*** Records shown ***

(* Let $(\mathcal{G},\alpha)$ be an abstract GKM graph and $p\neq q$ vertices. Set $P=\prod_{e\in\mathcal{E}_p\setminus\mathcal{E}_{pq}}\alpha(e)$, $Q=\prod_{e\in\mathcal{E}_q\setminus\mathcal{E}_{qp}}\alpha(e)$, and for $e\in\mathcal{E}_{pq}$ let $c(e)=|\{e'\in\mathcal{E}_{pq}: e'\neq e,\ \alpha(\overline{e'})=-\alpha(e')\}|$. Then for every $e\in\mathcal{E}_{pq}$, the polynomial $P-(-1)^{c(e)}Q$ is divisible by $\alpha(e)$ in $H^*(BT)$.
   Context: $H^*(BT)=\mathbb{Z}[x_1,\dots,x_r]$ with $\deg x_i=2$. Let $\mathcal{G}$ be a finite $n$-valent undirected graph (multiple edges allowed, no loops) with vertex set $\mathcal{V}$ and set of directed edges $\mathcal{E}$; for $e\in\mathcal{E}$, $\overline e$ is the reversed edge, $i(e),t(e)$ its initial and terminal vertices, $\mathcal{E}_p=\{e: i(e)=p\}$, $\mathcal{E}_{pq}=\{e: i(e)=p,\ t(e)=q\}$. An axial function $\alpha:\mathcal{E}\to H^2(BT)$ satisfies: $\alpha(\overline e)=\pm\alpha(e)$; $\alpha(e),\alpha(e')$ linearly independent over $\mathbb{Z}$ if $e\ne e'$, $i(e)=i(e')$; coefficients of each $\alpha(e)$ have gcd $1$. An abstract GKM graph is such $(\mathcal{G},\alpha)$ admitting a parallel transport, i.e. bijections $\mathcal{P}_e:\mathcal{E}_{i(e)}\to\mathcal{E}_{t(e)}$ with $\mathcal{P}_{\overline e}=\mathcal{P}_e^{-1}$, $\mathcal{P}_e(e)=\overline e$, $\alpha(\mathcal{P}_e(e'))-\alpha(e')\in\mathbb{Z}\alpha(e)$ for all $e'\in\mathcal{E}_{i(e)}$. *)

From HB Require Import structures.
From mathcomp Require Import all_boot all_order all_algebra.
From mathcomp Require Import mpoly.
Set Implicit Arguments. Unset Strict Implicit. Unset Printing Implicit Defensive.
Import Order.TTheory GRing.Theory Num.Theory.
Local Open Scope ring_scope.

(* H^*(BT) = Z[x_1..x_r] is {mpoly int[r]}; an element of H^2(BT) is
   represented by its integer coefficient row vector v : 'rV[int]_r,
   i.e. the linear form \sum_i v_i x_i. *)
Definition lin (r : nat) (v : 'rV[int]_r) : {mpoly int[r]} :=
  \sum_(i < r) (v 0 i)%:MP * 'X_i.

Definition gcd_coefs (r : nat) (v : 'rV[int]_r) : int :=
  foldr gcdz 0 [seq v 0 i | i <- enum 'I_r].

(* A finite n-valent graph (multiple edges allowed, no loops), given by its
   vertex set V and its set E of directed edges, with reversal [erev],
   initial vertex [src] (= i) and terminal vertex [tgt] (= t). *)
Record graph (n : nat) := Graph {
  V : finType;
  E : finType;
  erev : E -> E;
  src : E -> V;
  tgt : E -> V;
  erevK : involutive erev;
  src_erev : forall e, src (erev e) = tgt e;
  no_loop : forall e, src e != tgt e;
  valent : forall p : V, #|[set e | src e == p]| = n
}.

Definition axial (n r : nat) (G : graph n) (alpha : E G -> 'rV[int]_r) :=
  [/\ forall e, alpha (erev e) = alpha e \/ alpha (erev e) = - alpha e,
      forall e e', e != e' -> src e = src e' ->
        forall a b : int, a *: alpha e + b *: alpha e' = 0 -> a = 0 /\ b = 0
    & forall e, gcd_coefs (alpha e) = 1].

Definition parallel_transport (n r : nat) (G : graph n)
    (alpha : E G -> 'rV[int]_r) (Pt : E G -> E G -> E G) :=
  forall e,
    [/\ forall e', src e' = src e -> src (Pt e e') = tgt e,
        forall e', src e' = src e -> Pt (erev e) (Pt e e') = e',
        Pt e e = erev e
      & forall e', src e' = src e ->
          exists k : int, alpha (Pt e e') - alpha e' = k *: alpha e].

Definition abstract_GKM (n r : nat) (G : graph n) (alpha : E G -> 'rV[int]_r) :=
  axial alpha /\ exists Pt, parallel_transport alpha Pt.

(* Parallel transport along e maps E_p minus e bijectively onto E_q minus the
   reversed edge, and changes each weight only by a multiple of alpha(e); so the
   products of the weights on the two sides agree modulo alpha(e).  Splitting
   off the other edges between p and q, whose weights seen from q are those seen
   from p up to the sign (-1)^c(e), gives (P - (-1)^c(e) Q) R = 0 modulo alpha(e),
   where R is the product of the weights of those edges.  Because alpha(e) is
   primitive it generates a prime ideal of Z[x_1, ..., x_r], and the factors of
   R are not in it since they are independent of alpha(e); hence R cancels. *)

From HB Require Import structures.
From mathcomp Require Import all_boot all_order all_algebra.
From mathcomp Require Import mpoly.
From mathcomp Require Import ring.
Import Order.TTheory GRing.Theory Num.Theory.
Set Implicit Arguments. Unset Strict Implicit. Unset Printing Implicit Defensive.
Local Open Scope ring_scope.

Section Divisibility.
Variable R : comPzRingType.
Implicit Types a x y z : R.

Definition dvdr a x := exists y, x = a * y.

Lemma dvdr0 a : dvdr a 0.
Proof. by exists 0; rewrite mulr0. Qed.

Lemma dvdrD a x y : dvdr a x -> dvdr a y -> dvdr a (x + y).
Proof. by move=> [x' ->] [y' ->]; exists (x' + y'); rewrite mulrDr. Qed.

Lemma dvdrN a x : dvdr a x -> dvdr a (- x).
Proof. by move=> [x' ->]; exists (- x'); rewrite mulrN. Qed.

Lemma dvdr_mulr a x y : dvdr a x -> dvdr a (x * y).
Proof. by move=> [x' ->]; exists (x' * y); rewrite mulrA. Qed.

Lemma dvdr_mull a x y : dvdr a y -> dvdr a (x * y).
Proof. by rewrite mulrC; apply: dvdr_mulr. Qed.

Lemma dvdr_sum a (I : Type) (s : seq I) (P : pred I) (F : I -> R) :
  (forall i, P i -> dvdr a (F i)) -> dvdr a (\sum_(i <- s | P i) F i).
Proof. by move=> dvdF; apply: big_ind => //; [apply: dvdr0 | apply: dvdrD]. Qed.

Lemma dvdr_mulB a x1 x2 y1 y2 :
  dvdr a (x1 - y1) -> dvdr a (x2 - y2) -> dvdr a (x1 * x2 - y1 * y2).
Proof.
move=> dvd1 dvd2; have -> : x1 * x2 - y1 * y2 = (x1 - y1) * x2 + y1 * (x2 - y2).
  by ring.
by apply: dvdrD; [apply: dvdr_mulr | apply: dvdr_mull].
Qed.

Lemma dvdr_prodB a (I : Type) (s : seq I) (P : pred I) (F F' : I -> R) :
  (forall i, P i -> dvdr a (F i - F' i)) ->
  dvdr a (\prod_(i <- s | P i) F i - \prod_(i <- s | P i) F' i).
Proof.
move=> dvdF; apply: (big_ind2 (fun x y => dvdr a (x - y))) => //.
- by rewrite subrr; apply: dvdr0.
- by move=> *; apply: dvdr_mulB.
Qed.

Lemma dvdr_expB a x y k : dvdr a (x - y) -> dvdr a (x ^+ k - y ^+ k).
Proof.
move=> dvdxy; elim: k => [|k IHk]; first by rewrite !expr0 subrr; apply: dvdr0.
by rewrite !exprS; apply: dvdr_mulB.
Qed.

Lemma dvdr_cancel_prod a x (I : finType) (P : pred I) (F : I -> R) :
  (forall y z, dvdr a (y * z) -> dvdr a y \/ dvdr a z) ->
  (forall i, P i -> ~ dvdr a (F i)) ->
  dvdr a (x * \prod_(i | P i) F i) -> dvdr a x.
Proof.
move=> a_prime a_ndvdF.
pose cancellable z := forall y, dvdr a (y * z) -> dvdr a y.
suff : cancellable (\prod_(i | P i) F i) by apply.
apply: big_ind => [y|z1 z2 can1 can2 y|i Pi y].
- by rewrite mulr1.
- by rewrite mulrA => /can2 /can1.
- by case/a_prime => // /(a_ndvdF i Pi).
Qed.

End Divisibility.

Section LinearForms.
Variable r : nat.
Implicit Types (v w : 'rV[int]_r) (u : 'I_r -> int).

Lemma linD v w : lin (v + w) = lin v + lin w.
Proof.
by rewrite /lin -big_split; apply: eq_bigr => i _; rewrite mxE mpolyCD mulrDl.
Qed.

Lemma linN v : lin (- v) = - lin v.
Proof.
by rewrite /lin -sumrN; apply: eq_bigr => i _; rewrite mxE mpolyCN mulNr.
Qed.

Lemma linZ k v : lin (k *: v) = k%:MP * lin v.
Proof.
by rewrite /lin mulr_sumr; apply: eq_bigr => i _; rewrite mxE mpolyCM mulrA.
Qed.

Lemma meval_lin u v : (lin v).@[u] = \sum_(i < r) v 0 i * u i.
Proof.
by rewrite /lin raddf_sum; apply: eq_bigr => i _; rewrite /= mevalM mevalC mevalXU.
Qed.

Lemma lin_inj : injective (@lin r).
Proof.
move=> v w eq_vw; apply/rowP => i.
have coef_lin v' : (lin v').@[fun j => (j == i)%:R] = v' 0 i.
  rewrite meval_lin (bigD1 i) //= eqxx mulr1 big1 ?addr0 // => j /negbTE ->.
  by rewrite mulr0.
by rewrite -coef_lin eq_vw coef_lin.
Qed.

Lemma prod_lin_sign (I : finType) (S : pred I) (b b' : I -> 'rV[int]_r) :
  (forall i, S i -> b' i = b i \/ b' i = - b i) ->
  \prod_(i | S i) lin (b' i) =
  (-1) ^+ #|[set i | S i & b' i == - b i]| * \prod_(i | S i) lin (b i).
Proof.
move=> b'_sign; rewrite [LHS](bigID (fun i => b' i == - b i)) /=.
rewrite [X in _ = _ * X](bigID (fun i => b' i == - b i)) /= mulrA.
congr (_ * _).
  rewrite (eq_bigr (fun i => - lin (b i))) => [|i /andP [_ /eqP ->]]; last first.
    exact: linN.
  by rewrite prodrN; congr (_ ^+ _ * _); apply: eq_card => i; rewrite !inE.
apply: eq_bigr => i /andP [Si neg_i].
by case: (b'_sign i Si) => [-> // | eq_neg]; rewrite eq_neg eqxx in neg_i.
Qed.

Lemma foldr_gcdz_bezout (T : eqType) (s : seq T) (f : T -> int) : uniq s ->
  exists g : T -> int, \sum_(t <- s) g t * f t = foldr gcdz 0 (map f s).
Proof.
elim: s => [|t s IHs] /=; first by exists (fun _ => 0); rewrite big_nil.
case/andP => t_notin_s uniq_s; have [g sum_g] := IHs uniq_s.
have [u [v bezout_uv]] := Bezoutz (f t) (foldr gcdz 0 (map f s)).
exists (fun t' => if t' == t then u else v * g t').
rewrite big_cons eqxx -bezout_uv -sum_g mulr_sumr; congr (_ + _).
apply: eq_big_seq => t' t'_in_s; rewrite mulrA ifF //.
by apply: contraNF t_notin_s => /eqP <-.
Qed.

Lemma gcd_coefs_bezout v : gcd_coefs v = 1 -> exists u, (lin v).@[u] = 1.
Proof.
move=> gcd_v; have [g sum_g] := foldr_gcdz_bezout (fun i => v 0 i) (enum_uniq 'I_r).
exists g; rewrite meval_lin -gcd_v /gcd_coefs -sum_g big_enum.
by apply: eq_bigr => i _; rewrite mulrC.
Qed.

End LinearForms.

(* When [u] is a point with [a(u) = 1], the substitution [x |-> x - x(u) a]
   is a ring endomorphism of Z[x_1..x_r] that fixes everything modulo [a] and
   kills [a]; its kernel is exactly the ideal (a), which is therefore prime. *)
Section ProjectionAlongLinearForm.
Variables (r : nat) (a : 'rV[int]_r) (u : 'I_r -> int).
Hypothesis a_u : (lin a).@[u] = 1.
Implicit Types (v : 'rV[int]_r) (x y : {mpoly int[r]}).

Definition proj_along x := x \mPo [tuple 'X_i - (u i)%:MP * lin a | i < r].

Lemma proj_along_lin v :
  proj_along (lin v) = lin v - ((lin v).@[u])%:MP * lin a.
Proof.
rewrite /proj_along {1}/lin raddf_sum /= meval_lin raddf_sum /= mulr_suml.
rewrite /lin -sumrB; apply: eq_bigr => i _.
rewrite rmorphM /= comp_mpolyC comp_mpolyXU -tnth_nth tnth_mktuple mpolyCM.
by rewrite -/(lin a); ring.
Qed.

Lemma proj_along_a : proj_along (lin a) = 0.
Proof. by rewrite proj_along_lin a_u mul1r subrr. Qed.

Lemma proj_along_congr x : dvdr (lin a) (proj_along x - x).
Proof.
rewrite /proj_along comp_mpolyEX [X in _ - X]mpolyE -sumrB; apply: dvdr_sum => m _.
rewrite -scalerBr -mul_mpolyC; apply: dvdr_mull.
rewrite comp_mpolyX mpolyXE_id; apply: dvdr_prodB => i _; apply: dvdr_expB.
rewrite tnth_mktuple addrAC subrr add0r; apply: dvdrN.
by exists (u i)%:MP; rewrite mulrC.
Qed.

Lemma dvdr_proj_along x : dvdr (lin a) x <-> proj_along x = 0.
Proof.
split=> [[y ->]|proj_x0].
  by rewrite /proj_along rmorphM /= -/(proj_along _) proj_along_a mul0r.
by rewrite -[x]opprK -[- x]add0r -proj_x0; apply/dvdrN/proj_along_congr.
Qed.

Lemma dvdr_lin_mul x y :
  dvdr (lin a) (x * y) -> dvdr (lin a) x \/ dvdr (lin a) y.
Proof.
rewrite !dvdr_proj_along /proj_along rmorphM /= => /eqP.
by rewrite mulf_eq0 => /orP [] /eqP; [left | right].
Qed.

Lemma dvdr_lin_lin v : dvdr (lin a) (lin v) -> v = (lin v).@[u] *: a.
Proof.
rewrite dvdr_proj_along proj_along_lin => /eqP; rewrite subr_eq0 => /eqP.
by rewrite -linZ => /lin_inj.
Qed.

End ProjectionAlongLinearForm.

Lemma primitive_lin_prime r (a : 'rV[int]_r) (x y : {mpoly int[r]}) :
  gcd_coefs a = 1 ->
  dvdr (lin a) (x * y) -> dvdr (lin a) x \/ dvdr (lin a) y.
Proof. move=> /gcd_coefs_bezout [u a_u]; exact: (dvdr_lin_mul a_u). Qed.

Lemma primitive_lin_ndvdr r (a b : 'rV[int]_r) : gcd_coefs a = 1 ->
  (forall k k' : int, k *: a + k' *: b = 0 -> k = 0 /\ k' = 0) ->
  ~ dvdr (lin a) (lin b).
Proof.
move=> /gcd_coefs_bezout [u a_u] a_b_indep /(dvdr_lin_lin a_u) b_a.
have [|_ /eqP] := a_b_indep ((lin b).@[u]) (-1).
  by rewrite scaleN1r -b_a subrr.
by rewrite oppr_eq0 oner_eq0.
Qed.

Section GKMGraphs.
Variables (n r : nat) (G : graph n) (alpha : E G -> 'rV[int]_r).
Implicit Types (e f : E G) (p q : V G).

Lemma tgt_erev e : tgt (erev e) = src e.
Proof. by rewrite -src_erev erevK. Qed.

Lemma prod_out_edges_split (R : comPzRingType) (F : E G -> R) e p q :
  src e = p -> tgt e = q ->
  \prod_(f | (src f == p) && (f != e)) F f =
  \prod_(f | (src f == p) && (tgt f != q)) F f *
  \prod_(f | [&& src f == p, tgt f == q & f != e]) F f.
Proof.
move=> src_e tgt_e; rewrite (bigID (fun f => tgt f == q)) /= mulrC.
congr (_ * _); apply: eq_bigl => f; case: (src f == p) => //=.
  by case: (f =P e) => [->|]; rewrite ?tgt_e ?eqxx.
by rewrite andbC.
Qed.

Lemma prod_parallel_erev (R : comPzRingType) (F : E G -> R) e p q :
  \prod_(f | [&& src f == q, tgt f == p & f != erev e]) F f =
  \prod_(f | [&& src f == p, tgt f == q & f != e]) F (erev f).
Proof.
rewrite (reindex_inj (inv_inj (@erevK _ G))) /=; apply: eq_bigl => f.
by rewrite src_erev tgt_erev (inj_eq (inv_inj (@erevK _ G))) andbCA.
Qed.

Section ParallelTransport.
Variables (Pt : E G -> E G -> E G) (alphaPt : parallel_transport alpha Pt).

Lemma prod_transport (R : comPzRingType) (F : E G -> R) e :
  \prod_(f | (src f == src e) && (f != e)) F (Pt e f) =
  \prod_(f | (src f == tgt e) && (f != erev e)) F f.
Proof.
have [Pt_src Pt_K Pt_e _] := alphaPt e.
have [Pt'_src Pt'_K Pt'_e _] := alphaPt (erev e).
rewrite erevK src_erev tgt_erev in Pt'_src Pt'_K Pt'_e.
symmetry; rewrite (reindex_onto (Pt e) (Pt (erev e))) /=; last first.
  by move=> f /andP [/eqP /Pt'_K].
apply: eq_bigl => f; apply/andP/andP => [[/andP [/eqP src_f ne_f] /eqP Pt_f]|].
  have src_f' : src f = src e by rewrite -Pt_f Pt'_src.
  by rewrite src_f' eqxx; split=> //; apply: contraNneq ne_f => ->; rewrite Pt_e.
move=> [/eqP src_f ne_f]; rewrite Pt_src // eqxx Pt_K //; split=> //=.
by apply: contraNneq ne_f => Pt_f; rewrite -(Pt_K f) // Pt_f Pt'_e.
Qed.

Lemma transport_congr e :
  dvdr (lin (alpha e))
    (\prod_(f | (src f == src e) && (f != e)) lin (alpha (Pt e f)) -
     \prod_(f | (src f == src e) && (f != e)) lin (alpha f)).
Proof.
apply: dvdr_prodB => f /andP [/eqP src_f _].
have [_ _ _ /(_ f src_f) [k Pt_f]] := alphaPt e.
by exists k%:MP; rewrite -linN -linD Pt_f linZ mulrC.
Qed.

End ParallelTransport.
End GKMGraphs.

Theorem lemma4p1 (n r : nat) (G : graph n) (alpha : E G -> 'rV[int]_r)
  (HG : abstract_GKM alpha) (p q : V G) (hpq : p != q) :
  let P := \prod_(e : E G | (src e == p) && (tgt e != q)) lin (alpha e) in
  let Q := \prod_(e : E G | (src e == q) && (tgt e != p)) lin (alpha e) in
  let c := fun e : E G =>
    #|[set e' : E G | [&& src e' == p, tgt e' == q, (e' != e) &
                          (alpha (erev e') == - alpha e')]]| in
  forall e : E G, src e = p -> tgt e = q ->
    exists f : {mpoly int[r]}, P - (-1) ^+ (c e) * Q = lin (alpha e) * f.
Proof.
move=> P Q c e src_e tgt_e.
case: HG => [[alpha_erev alpha_indep alpha_gcd] [Pt alphaPt]].
pose parallel f := [&& src f == p, tgt f == q & f != e].
pose R := \prod_(f | parallel f) lin (alpha f).
have prod_p : \prod_(f | (src f == p) && (f != e)) lin (alpha f) = P * R :=
  prod_out_edges_split _ src_e tgt_e.
have prod_q : \prod_(f | (src f == tgt e) && (f != erev e)) lin (alpha f) =
              Q * ((-1) ^+ c e * R).
  rewrite (prod_out_edges_split _ (src_erev e) (tgt_erev e)) tgt_e src_e.
  rewrite prod_parallel_erev.
  rewrite (prod_lin_sign (b := alpha) (b' := alpha \o @erev _ G)); last first.
    by move=> f _; apply: alpha_erev.
  by congr (_ * (_ ^+ _ * _)); apply: eq_card => f; rewrite !inE -!andbA.
have := transport_congr alphaPt e.
rewrite (prod_transport alphaPt (fun f => lin (alpha f))) prod_q src_e prod_p.
move=> /dvdrN dvdr_PQR.
apply: (dvdr_cancel_prod (P := parallel) (F := fun f => lin (alpha f))).
- by move=> x y; apply: primitive_lin_prime.
- move=> f /and3P [/eqP src_f _ ne_fe]; apply: primitive_lin_ndvdr => //.
  by apply: alpha_indep; [rewrite eq_sym | rewrite src_f].
- by move: dvdr_PQR; congr dvdr; rewrite -/R opprB mulrBl -mulrA mulrCA.
Qed.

***

Task details
Retype exactly the lines from the start of the entries through the one with "(* A finite"; include both ends.

Response box
(* Let $(\mathcal{G},\alpha)$ be an abstract GKM graph and $p\neq q$ vertices. Set $P=\prod_{e\in\mathcal{E}_p\setminus\mathcal{E}_{pq}}\alpha(e)$, $Q=\prod_{e\in\mathcal{E}_q\setminus\mathcal{E}_{qp}}\alpha(e)$, and for $e\in\mathcal{E}_{pq}$ let $c(e)=|\{e'\in\mathcal{E}_{pq}: e'\neq e,\ \alpha(\overline{e'})=-\alpha(e')\}|$. Then for every $e\in\mathcal{E}_{pq}$, the polynomial $P-(-1)^{c(e)}Q$ is divisible by $\alpha(e)$ in $H^*(BT)$.
   Context: $H^*(BT)=\mathbb{Z}[x_1,\dots,x_r]$ with $\deg x_i=2$. Let $\mathcal{G}$ be a finite $n$-valent undirected graph (multiple edges allowed, no loops) with vertex set $\mathcal{V}$ and set of directed edges $\mathcal{E}$; for $e\in\mathcal{E}$, $\overline e$ is the reversed edge, $i(e),t(e)$ its initial and terminal vertices, $\mathcal{E}_p=\{e: i(e)=p\}$, $\mathcal{E}_{pq}=\{e: i(e)=p,\ t(e)=q\}$. An axial function $\alpha:\mathcal{E}\to H^2(BT)$ satisfies: $\alpha(\overline e)=\pm\alpha(e)$; $\alpha(e),\alpha(e')$ linearly independent over $\mathbb{Z}$ if $e\ne e'$, $i(e)=i(e')$; coefficients of each $\alpha(e)$ have gcd $1$. An abstract GKM graph is such $(\mathcal{G},\alpha)$ admitting a parallel transport, i.e. bijections $\mathcal{P}_e:\mathcal{E}_{i(e)}\to\mathcal{E}_{t(e)}$ with $\mathcal{P}_{\overline e}=\mathcal{P}_e^{-1}$, $\mathcal{P}_e(e)=\overline e$, $\alpha(\mathcal{P}_e(e'))-\alpha(e')\in\mathbb{Z}\alpha(e)$ for all $e'\in\mathcal{E}_{i(e)}$. *)

From HB Require Import structures.
From mathcomp Require Import all_boot all_order all_algebra.
From mathcomp Require Import mpoly.
Set Implicit Arguments. Unset Strict Implicit. Unset Printing Implicit Defensive.
Import Order.TTheory GRing.Theory Num.Theory.
Local Open Scope ring_scope.

(* H^*(BT) = Z[x_1..x_r] is {mpoly int[r]}; an element of H^2(BT) is
   represented by its integer coefficient row vector v : 'rV[int]_r,
   i.e. the linear form \sum_i v_i x_i. *)
Definition lin (r : nat) (v : 'rV[int]_r) : {mpoly int[r]} :=
  \sum_(i < r) (v 0 i)%:MP * 'X_i.

Definition gcd_coefs (r : nat) (v : 'rV[int]_r) : int :=
  foldr gcdz 0 [seq v 0 i | i <- enum 'I_r].

(* A finite n-valent graph (multiple edges allowed, no loops), given by its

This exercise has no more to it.